DATA SUPPLIED START

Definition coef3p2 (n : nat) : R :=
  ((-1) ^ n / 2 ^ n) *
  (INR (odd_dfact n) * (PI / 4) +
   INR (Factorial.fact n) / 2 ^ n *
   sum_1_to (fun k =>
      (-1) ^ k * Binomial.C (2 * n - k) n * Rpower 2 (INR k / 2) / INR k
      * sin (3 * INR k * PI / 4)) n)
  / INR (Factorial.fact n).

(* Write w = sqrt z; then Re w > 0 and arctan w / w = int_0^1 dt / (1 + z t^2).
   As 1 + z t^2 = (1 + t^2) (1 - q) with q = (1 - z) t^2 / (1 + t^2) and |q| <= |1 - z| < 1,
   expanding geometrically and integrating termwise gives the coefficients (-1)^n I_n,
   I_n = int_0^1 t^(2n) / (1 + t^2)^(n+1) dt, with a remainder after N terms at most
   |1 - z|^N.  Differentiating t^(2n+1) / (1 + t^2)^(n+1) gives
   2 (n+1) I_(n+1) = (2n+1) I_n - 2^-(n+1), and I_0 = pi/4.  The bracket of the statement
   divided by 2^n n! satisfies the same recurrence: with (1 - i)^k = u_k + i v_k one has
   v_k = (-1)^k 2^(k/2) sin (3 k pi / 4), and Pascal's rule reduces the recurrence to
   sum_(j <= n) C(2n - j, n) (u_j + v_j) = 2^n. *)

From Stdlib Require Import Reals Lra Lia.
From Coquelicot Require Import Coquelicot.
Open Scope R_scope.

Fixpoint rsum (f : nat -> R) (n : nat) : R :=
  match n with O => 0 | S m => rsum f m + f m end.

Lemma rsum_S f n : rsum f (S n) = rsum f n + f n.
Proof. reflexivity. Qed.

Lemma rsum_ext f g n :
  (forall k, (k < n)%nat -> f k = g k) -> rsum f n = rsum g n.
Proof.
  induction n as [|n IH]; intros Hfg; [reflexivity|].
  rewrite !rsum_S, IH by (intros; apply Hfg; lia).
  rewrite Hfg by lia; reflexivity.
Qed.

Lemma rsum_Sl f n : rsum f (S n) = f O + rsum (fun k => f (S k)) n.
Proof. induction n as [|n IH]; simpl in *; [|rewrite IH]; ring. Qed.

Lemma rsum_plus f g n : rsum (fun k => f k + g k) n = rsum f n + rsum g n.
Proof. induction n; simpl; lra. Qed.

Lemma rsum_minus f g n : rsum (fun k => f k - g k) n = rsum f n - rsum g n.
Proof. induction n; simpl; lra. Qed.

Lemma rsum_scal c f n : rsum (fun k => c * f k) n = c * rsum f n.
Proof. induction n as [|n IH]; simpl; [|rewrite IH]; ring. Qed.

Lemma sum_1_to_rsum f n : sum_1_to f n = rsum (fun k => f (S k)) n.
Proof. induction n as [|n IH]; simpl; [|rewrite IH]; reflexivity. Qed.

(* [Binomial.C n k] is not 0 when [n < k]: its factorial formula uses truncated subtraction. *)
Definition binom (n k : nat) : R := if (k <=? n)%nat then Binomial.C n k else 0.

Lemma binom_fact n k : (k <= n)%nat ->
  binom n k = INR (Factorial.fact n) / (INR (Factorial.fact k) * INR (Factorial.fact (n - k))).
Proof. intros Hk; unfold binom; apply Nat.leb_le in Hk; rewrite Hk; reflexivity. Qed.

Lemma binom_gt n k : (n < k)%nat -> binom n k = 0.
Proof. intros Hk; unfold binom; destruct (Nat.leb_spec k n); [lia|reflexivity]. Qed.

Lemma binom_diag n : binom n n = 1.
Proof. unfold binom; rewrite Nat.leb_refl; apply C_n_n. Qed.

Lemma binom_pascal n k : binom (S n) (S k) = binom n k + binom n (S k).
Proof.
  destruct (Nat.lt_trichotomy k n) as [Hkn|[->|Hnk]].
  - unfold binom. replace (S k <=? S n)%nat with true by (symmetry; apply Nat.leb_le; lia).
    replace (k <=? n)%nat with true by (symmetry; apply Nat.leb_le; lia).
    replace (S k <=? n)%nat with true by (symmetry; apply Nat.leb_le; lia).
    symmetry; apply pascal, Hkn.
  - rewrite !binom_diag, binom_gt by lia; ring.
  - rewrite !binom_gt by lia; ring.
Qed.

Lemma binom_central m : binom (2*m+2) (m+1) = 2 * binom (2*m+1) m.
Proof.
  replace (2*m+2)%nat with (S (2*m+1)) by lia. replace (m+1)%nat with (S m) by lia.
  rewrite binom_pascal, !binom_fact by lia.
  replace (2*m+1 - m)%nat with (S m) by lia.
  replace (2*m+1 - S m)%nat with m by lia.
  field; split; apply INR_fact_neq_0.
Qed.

DATA SUPPLIED END

- **ACTION ITEM**
Give back, word for word, only the lines from the one containing "replace (2*m+1 - S m)%nat with m by lia." through the closing line of the entries.

- **WRITTEN REPLY**
  replace (2*m+1 - S m)%nat with m by lia.
  field; split; apply INR_fact_neq_0.
Qed.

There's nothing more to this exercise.